*** AVAILABLE DATA Section Begins ***
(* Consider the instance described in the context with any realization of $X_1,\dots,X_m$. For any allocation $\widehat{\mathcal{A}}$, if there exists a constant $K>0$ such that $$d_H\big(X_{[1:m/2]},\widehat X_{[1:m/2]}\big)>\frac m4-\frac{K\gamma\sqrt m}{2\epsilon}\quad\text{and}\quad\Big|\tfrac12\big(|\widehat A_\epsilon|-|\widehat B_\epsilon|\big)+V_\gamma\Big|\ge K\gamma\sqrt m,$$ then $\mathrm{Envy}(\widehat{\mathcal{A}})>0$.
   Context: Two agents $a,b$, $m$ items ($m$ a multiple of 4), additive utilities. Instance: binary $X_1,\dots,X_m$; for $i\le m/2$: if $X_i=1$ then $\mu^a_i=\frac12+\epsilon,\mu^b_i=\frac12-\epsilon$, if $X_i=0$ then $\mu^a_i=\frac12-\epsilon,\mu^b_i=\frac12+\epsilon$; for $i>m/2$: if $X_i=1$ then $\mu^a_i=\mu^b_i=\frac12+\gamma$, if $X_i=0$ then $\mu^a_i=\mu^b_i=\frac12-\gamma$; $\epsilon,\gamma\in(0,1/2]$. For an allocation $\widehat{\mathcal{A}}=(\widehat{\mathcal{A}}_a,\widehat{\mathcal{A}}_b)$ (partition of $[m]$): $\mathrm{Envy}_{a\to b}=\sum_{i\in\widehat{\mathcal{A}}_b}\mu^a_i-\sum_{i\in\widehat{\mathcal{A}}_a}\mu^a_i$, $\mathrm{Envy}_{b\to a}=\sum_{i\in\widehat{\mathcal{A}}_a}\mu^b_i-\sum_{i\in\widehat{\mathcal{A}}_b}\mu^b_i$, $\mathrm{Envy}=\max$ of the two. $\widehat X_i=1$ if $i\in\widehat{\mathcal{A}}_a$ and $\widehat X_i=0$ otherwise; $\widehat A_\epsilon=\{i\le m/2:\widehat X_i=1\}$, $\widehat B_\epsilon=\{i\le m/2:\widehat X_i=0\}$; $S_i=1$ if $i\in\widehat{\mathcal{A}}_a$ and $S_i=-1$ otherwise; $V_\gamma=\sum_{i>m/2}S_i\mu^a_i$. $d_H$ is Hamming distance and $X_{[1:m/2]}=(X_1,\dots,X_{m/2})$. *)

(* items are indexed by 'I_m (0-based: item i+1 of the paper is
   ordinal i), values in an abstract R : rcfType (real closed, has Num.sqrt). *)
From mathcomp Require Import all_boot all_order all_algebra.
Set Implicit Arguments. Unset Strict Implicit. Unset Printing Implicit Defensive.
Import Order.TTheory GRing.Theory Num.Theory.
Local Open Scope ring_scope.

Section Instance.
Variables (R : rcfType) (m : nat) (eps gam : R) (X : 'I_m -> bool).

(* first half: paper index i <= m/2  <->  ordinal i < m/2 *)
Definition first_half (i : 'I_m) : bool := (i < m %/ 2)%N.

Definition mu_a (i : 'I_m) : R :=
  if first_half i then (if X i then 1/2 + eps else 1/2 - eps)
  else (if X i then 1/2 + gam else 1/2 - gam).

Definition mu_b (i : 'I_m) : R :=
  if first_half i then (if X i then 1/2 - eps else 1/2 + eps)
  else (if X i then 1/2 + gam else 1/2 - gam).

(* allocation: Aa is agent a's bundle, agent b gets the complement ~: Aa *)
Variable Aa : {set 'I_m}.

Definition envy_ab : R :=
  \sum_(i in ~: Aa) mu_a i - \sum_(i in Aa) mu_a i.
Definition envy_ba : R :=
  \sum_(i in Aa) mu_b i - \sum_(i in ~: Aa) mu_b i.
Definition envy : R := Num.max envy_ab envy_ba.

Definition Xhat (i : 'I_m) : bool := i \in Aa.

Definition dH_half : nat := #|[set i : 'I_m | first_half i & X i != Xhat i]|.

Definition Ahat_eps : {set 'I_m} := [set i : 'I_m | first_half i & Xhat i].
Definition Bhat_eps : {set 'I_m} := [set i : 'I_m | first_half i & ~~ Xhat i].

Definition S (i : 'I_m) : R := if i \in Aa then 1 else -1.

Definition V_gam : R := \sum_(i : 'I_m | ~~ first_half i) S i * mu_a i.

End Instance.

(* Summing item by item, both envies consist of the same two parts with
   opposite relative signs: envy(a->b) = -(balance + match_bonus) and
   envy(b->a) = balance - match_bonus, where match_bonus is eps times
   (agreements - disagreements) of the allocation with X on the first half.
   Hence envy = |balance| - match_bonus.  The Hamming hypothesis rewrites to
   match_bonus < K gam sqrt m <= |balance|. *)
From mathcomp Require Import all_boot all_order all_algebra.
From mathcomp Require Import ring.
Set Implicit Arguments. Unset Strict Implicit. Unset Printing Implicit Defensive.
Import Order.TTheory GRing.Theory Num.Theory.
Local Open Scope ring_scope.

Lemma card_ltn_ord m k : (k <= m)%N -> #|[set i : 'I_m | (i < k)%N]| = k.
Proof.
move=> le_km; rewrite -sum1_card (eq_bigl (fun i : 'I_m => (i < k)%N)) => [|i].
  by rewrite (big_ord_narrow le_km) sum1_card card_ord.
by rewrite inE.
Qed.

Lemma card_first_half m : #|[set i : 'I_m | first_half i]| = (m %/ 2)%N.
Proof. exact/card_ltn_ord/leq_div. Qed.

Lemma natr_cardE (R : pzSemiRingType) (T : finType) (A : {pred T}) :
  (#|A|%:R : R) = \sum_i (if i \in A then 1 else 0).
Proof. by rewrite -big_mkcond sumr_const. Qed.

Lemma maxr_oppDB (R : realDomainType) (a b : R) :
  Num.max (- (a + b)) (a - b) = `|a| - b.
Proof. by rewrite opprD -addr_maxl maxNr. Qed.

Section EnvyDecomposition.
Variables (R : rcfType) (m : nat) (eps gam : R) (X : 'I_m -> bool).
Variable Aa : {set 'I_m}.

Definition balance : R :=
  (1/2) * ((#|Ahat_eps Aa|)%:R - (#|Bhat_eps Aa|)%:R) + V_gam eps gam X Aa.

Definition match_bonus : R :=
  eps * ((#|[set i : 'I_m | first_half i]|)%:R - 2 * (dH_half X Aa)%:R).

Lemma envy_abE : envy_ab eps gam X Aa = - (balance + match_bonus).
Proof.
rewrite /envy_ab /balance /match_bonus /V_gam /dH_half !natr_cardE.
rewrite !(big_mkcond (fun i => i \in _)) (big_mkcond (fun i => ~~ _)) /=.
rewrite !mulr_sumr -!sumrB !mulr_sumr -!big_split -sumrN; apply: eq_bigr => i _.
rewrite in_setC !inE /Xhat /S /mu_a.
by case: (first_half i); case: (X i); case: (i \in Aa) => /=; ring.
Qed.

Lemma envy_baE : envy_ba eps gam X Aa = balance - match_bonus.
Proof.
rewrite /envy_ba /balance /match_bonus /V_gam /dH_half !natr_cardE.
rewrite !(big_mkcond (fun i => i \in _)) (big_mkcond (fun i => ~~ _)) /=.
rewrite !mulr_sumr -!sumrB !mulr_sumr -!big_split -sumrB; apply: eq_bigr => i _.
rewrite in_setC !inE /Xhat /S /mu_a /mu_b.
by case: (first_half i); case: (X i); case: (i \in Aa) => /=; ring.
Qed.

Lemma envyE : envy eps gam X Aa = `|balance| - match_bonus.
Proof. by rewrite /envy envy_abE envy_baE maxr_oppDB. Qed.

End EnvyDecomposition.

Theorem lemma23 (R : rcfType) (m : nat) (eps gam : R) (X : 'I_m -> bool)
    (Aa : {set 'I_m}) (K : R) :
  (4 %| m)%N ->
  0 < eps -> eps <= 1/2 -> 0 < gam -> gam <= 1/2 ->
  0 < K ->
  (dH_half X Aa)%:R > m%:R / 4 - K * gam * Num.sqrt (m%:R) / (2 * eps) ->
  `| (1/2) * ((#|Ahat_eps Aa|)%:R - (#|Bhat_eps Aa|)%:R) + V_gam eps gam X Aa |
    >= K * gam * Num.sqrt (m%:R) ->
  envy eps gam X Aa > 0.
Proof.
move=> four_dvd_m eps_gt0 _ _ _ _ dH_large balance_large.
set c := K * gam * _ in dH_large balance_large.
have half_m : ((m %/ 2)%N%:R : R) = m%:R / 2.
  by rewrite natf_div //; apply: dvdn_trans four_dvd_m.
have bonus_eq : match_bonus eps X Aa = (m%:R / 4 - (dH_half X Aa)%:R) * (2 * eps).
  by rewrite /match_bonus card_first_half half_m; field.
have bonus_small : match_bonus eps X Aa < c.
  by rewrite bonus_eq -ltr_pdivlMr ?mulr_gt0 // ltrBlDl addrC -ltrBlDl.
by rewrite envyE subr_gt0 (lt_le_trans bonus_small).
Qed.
*** AVAILABLE DATA Section Ends ***
WHAT IS REQUIRED: Transcribe exactly, and only, the lines from the opening line of the records through the line containing "Definition mu_b (i".

RESPONSE FOR THIS EXERCISE:
(* Consider the instance described in the context with any realization of $X_1,\dots,X_m$. For any allocation $\widehat{\mathcal{A}}$, if there exists a constant $K>0$ such that $$d_H\big(X_{[1:m/2]},\widehat X_{[1:m/2]}\big)>\frac m4-\frac{K\gamma\sqrt m}{2\epsilon}\quad\text{and}\quad\Big|\tfrac12\big(|\widehat A_\epsilon|-|\widehat B_\epsilon|\big)+V_\gamma\Big|\ge K\gamma\sqrt m,$$ then $\mathrm{Envy}(\widehat{\mathcal{A}})>0$.
   Context: Two agents $a,b$, $m$ items ($m$ a multiple of 4), additive utilities. Instance: binary $X_1,\dots,X_m$; for $i\le m/2$: if $X_i=1$ then $\mu^a_i=\frac12+\epsilon,\mu^b_i=\frac12-\epsilon$, if $X_i=0$ then $\mu^a_i=\frac12-\epsilon,\mu^b_i=\frac12+\epsilon$; for $i>m/2$: if $X_i=1$ then $\mu^a_i=\mu^b_i=\frac12+\gamma$, if $X_i=0$ then $\mu^a_i=\mu^b_i=\frac12-\gamma$; $\epsilon,\gamma\in(0,1/2]$. For an allocation $\widehat{\mathcal{A}}=(\widehat{\mathcal{A}}_a,\widehat{\mathcal{A}}_b)$ (partition of $[m]$): $\mathrm{Envy}_{a\to b}=\sum_{i\in\widehat{\mathcal{A}}_b}\mu^a_i-\sum_{i\in\widehat{\mathcal{A}}_a}\mu^a_i$, $\mathrm{Envy}_{b\to a}=\sum_{i\in\widehat{\mathcal{A}}_a}\mu^b_i-\sum_{i\in\widehat{\mathcal{A}}_b}\mu^b_i$, $\mathrm{Envy}=\max$ of the two. $\widehat X_i=1$ if $i\in\widehat{\mathcal{A}}_a$ and $\widehat X_i=0$ otherwise; $\widehat A_\epsilon=\{i\le m/2:\widehat X_i=1\}$, $\widehat B_\epsilon=\{i\le m/2:\widehat X_i=0\}$; $S_i=1$ if $i\in\widehat{\mathcal{A}}_a$ and $S_i=-1$ otherwise; $V_\gamma=\sum_{i>m/2}S_i\mu^a_i$. $d_H$ is Hamming distance and $X_{[1:m/2]}=(X_1,\dots,X_{m/2})$. *)

(* items are indexed by 'I_m (0-based: item i+1 of the paper is
   ordinal i), values in an abstract R : rcfType (real closed, has Num.sqrt). *)
From mathcomp Require Import all_boot all_order all_algebra.
Set Implicit Arguments. Unset Strict Implicit. Unset Printing Implicit Defensive.
Import Order.TTheory GRing.Theory Num.Theory.
Local Open Scope ring_scope.

Section Instance.
Variables (R : rcfType) (m : nat) (eps gam : R) (X : 'I_m -> bool).

(* first half: paper index i <= m/2  <->  ordinal i < m/2 *)
Definition first_half (i : 'I_m) : bool := (i < m %/ 2)%N.

Definition mu_a (i : 'I_m) : R :=
  if first_half i then (if X i then 1/2 + eps else 1/2 - eps)
  else (if X i then 1/2 + gam else 1/2 - gam).

Definition mu_b (i : 'I_m) : R :=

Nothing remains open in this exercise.